==== GIVEN ENTRIES

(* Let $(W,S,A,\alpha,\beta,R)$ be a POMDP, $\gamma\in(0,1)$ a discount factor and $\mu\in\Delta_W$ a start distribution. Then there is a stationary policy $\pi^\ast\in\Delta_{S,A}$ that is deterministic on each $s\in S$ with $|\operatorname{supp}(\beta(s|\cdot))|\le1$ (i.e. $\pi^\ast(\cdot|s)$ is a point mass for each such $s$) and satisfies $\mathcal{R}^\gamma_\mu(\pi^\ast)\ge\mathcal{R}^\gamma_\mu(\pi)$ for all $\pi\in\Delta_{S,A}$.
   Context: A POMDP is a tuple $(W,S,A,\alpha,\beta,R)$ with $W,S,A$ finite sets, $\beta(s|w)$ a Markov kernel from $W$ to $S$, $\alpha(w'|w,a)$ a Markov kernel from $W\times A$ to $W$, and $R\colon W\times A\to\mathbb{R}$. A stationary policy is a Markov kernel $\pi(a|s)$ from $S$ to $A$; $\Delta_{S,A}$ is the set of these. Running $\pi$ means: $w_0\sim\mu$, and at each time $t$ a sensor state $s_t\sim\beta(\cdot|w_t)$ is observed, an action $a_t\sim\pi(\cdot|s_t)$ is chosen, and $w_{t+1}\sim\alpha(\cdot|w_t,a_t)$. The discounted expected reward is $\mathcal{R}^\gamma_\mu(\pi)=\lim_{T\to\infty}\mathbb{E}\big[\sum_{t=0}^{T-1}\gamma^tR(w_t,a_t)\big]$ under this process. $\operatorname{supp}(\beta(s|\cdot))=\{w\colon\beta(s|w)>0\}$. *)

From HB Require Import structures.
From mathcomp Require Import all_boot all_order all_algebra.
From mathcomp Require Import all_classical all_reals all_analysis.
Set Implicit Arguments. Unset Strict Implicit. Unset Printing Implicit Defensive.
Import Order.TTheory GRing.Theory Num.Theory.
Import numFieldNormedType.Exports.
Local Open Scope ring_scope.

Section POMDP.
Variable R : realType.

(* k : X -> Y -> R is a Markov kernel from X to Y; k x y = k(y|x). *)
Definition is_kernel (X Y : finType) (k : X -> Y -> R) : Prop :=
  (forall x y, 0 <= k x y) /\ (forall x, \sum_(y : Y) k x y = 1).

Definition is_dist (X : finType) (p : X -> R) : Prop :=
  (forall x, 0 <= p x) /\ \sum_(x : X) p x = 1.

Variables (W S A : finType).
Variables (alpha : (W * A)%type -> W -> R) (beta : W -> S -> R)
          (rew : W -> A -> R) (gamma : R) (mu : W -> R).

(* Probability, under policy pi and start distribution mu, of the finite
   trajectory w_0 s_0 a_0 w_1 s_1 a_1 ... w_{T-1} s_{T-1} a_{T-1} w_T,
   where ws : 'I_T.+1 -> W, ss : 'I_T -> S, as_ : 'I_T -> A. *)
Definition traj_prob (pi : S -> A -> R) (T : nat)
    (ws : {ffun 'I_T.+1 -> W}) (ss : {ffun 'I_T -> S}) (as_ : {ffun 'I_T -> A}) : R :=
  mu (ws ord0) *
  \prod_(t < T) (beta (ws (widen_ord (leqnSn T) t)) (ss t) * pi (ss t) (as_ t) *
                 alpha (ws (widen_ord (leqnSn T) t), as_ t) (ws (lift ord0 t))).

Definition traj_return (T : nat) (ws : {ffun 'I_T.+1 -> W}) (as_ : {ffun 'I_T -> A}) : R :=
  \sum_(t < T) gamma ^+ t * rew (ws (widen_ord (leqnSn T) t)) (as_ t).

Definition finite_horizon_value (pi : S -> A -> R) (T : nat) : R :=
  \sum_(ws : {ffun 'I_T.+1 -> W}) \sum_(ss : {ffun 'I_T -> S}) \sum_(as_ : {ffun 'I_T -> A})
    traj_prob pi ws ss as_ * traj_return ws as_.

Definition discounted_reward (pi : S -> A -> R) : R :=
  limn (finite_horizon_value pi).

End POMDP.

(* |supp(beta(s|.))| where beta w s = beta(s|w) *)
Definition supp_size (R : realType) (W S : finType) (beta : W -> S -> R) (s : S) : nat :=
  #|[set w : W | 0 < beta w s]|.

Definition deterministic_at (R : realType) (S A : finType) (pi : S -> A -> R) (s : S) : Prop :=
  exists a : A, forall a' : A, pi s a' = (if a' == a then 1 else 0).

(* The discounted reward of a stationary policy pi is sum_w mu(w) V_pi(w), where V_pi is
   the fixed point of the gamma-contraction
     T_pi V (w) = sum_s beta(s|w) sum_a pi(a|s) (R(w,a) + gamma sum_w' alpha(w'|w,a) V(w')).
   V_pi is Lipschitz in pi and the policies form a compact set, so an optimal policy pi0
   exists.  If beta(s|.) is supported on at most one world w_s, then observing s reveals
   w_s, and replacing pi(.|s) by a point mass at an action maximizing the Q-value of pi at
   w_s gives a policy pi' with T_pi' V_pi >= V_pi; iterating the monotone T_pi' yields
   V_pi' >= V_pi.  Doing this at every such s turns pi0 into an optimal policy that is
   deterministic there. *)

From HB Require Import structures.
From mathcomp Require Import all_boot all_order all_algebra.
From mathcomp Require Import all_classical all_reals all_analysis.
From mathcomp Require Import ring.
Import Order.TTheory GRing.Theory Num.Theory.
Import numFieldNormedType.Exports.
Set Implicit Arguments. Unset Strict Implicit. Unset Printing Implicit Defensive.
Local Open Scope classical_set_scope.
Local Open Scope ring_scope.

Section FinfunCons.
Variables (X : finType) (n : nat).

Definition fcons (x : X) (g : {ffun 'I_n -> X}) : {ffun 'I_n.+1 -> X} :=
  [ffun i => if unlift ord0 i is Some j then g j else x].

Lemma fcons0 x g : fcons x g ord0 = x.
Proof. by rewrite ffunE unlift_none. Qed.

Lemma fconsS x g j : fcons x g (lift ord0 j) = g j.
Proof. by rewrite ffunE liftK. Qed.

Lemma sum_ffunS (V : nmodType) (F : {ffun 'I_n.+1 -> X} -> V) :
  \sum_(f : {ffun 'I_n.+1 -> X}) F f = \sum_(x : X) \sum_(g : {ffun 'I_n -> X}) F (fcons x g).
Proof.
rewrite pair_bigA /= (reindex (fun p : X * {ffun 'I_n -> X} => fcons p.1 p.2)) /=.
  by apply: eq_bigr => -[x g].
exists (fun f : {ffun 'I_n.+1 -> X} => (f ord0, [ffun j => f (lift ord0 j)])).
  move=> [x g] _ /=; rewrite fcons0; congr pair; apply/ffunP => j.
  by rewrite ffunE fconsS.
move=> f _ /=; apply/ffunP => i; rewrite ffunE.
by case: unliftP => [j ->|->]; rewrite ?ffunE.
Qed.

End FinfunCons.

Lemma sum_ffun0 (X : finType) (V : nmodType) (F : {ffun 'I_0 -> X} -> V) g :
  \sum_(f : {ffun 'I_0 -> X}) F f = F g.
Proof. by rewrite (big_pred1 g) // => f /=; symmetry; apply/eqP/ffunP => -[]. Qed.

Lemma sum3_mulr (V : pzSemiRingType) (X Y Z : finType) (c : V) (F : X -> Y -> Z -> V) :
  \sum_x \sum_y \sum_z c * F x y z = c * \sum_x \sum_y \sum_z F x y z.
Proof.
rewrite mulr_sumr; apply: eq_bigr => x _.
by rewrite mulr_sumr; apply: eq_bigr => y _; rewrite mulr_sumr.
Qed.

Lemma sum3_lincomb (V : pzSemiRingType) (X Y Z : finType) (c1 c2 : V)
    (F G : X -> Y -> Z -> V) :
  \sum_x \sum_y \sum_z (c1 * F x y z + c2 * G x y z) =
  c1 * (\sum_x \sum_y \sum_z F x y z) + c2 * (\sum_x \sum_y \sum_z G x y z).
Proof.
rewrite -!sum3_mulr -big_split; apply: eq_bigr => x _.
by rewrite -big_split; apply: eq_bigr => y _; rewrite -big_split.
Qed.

========
==== GIVEN ENTRIES

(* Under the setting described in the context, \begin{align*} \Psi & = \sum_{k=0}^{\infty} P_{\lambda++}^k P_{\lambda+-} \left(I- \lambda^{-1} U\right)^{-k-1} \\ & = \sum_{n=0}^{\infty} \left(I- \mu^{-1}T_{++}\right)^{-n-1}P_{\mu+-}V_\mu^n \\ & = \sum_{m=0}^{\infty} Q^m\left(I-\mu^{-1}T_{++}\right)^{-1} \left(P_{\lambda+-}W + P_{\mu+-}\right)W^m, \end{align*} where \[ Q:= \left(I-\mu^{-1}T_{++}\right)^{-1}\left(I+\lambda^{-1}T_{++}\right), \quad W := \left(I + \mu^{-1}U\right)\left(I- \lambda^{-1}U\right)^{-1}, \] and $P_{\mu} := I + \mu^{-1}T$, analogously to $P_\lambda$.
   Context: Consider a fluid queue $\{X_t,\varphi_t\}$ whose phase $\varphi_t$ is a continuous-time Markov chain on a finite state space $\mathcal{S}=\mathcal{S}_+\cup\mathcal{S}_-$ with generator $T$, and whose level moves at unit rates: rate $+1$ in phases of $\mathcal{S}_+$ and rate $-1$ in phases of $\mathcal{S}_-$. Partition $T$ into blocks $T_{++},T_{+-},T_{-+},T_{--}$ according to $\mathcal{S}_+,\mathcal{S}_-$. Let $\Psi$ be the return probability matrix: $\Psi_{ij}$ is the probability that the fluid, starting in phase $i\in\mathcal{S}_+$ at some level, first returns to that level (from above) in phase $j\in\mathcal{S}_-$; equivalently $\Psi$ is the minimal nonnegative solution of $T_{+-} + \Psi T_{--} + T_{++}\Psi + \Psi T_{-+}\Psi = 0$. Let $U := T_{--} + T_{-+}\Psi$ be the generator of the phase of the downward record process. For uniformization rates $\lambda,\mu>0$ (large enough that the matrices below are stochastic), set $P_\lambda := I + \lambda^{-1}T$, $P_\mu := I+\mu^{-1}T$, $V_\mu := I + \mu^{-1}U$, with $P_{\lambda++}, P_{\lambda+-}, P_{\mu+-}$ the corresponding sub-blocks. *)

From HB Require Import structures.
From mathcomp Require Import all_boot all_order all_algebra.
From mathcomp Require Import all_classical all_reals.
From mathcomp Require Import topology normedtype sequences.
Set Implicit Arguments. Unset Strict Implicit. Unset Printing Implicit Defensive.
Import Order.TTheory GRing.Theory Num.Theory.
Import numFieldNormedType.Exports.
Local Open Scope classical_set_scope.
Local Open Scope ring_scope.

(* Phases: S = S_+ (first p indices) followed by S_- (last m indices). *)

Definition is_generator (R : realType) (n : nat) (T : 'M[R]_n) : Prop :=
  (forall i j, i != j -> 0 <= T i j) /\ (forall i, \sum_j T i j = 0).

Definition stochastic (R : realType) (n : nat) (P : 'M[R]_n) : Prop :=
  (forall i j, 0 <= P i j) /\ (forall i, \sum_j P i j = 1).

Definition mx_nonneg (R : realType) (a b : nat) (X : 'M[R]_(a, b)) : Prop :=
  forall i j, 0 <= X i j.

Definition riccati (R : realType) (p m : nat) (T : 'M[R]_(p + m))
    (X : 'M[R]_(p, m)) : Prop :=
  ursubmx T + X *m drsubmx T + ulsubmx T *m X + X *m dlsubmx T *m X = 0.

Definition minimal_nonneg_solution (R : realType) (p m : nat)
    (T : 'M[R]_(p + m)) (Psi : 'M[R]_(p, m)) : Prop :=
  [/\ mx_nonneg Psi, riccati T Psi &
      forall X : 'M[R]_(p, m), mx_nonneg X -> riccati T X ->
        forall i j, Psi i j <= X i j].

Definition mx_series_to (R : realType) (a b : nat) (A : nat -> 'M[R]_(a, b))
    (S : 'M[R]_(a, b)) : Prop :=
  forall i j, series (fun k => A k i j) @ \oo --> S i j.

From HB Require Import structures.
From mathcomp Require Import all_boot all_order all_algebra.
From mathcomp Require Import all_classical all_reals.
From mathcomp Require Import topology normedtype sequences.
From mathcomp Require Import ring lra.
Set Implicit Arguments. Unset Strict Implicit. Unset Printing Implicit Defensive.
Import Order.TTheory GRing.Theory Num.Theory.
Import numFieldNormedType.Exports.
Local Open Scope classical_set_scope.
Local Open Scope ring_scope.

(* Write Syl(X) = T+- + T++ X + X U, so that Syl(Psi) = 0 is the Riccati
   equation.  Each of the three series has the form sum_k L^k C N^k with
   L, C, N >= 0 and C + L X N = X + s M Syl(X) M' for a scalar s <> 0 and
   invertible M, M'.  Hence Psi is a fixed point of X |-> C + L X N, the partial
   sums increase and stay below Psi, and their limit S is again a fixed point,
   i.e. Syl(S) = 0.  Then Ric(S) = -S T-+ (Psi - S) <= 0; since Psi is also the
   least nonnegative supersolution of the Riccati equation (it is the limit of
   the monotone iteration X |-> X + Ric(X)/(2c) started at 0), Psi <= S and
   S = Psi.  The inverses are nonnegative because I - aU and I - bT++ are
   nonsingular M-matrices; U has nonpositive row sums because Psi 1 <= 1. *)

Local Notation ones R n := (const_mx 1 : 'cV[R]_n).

========

• **WHAT IS EXPECTED**: Tally the lines of the entries above that hold the word "sums"; the number is the whole answer.

• **YOUR SOLUTION**: 2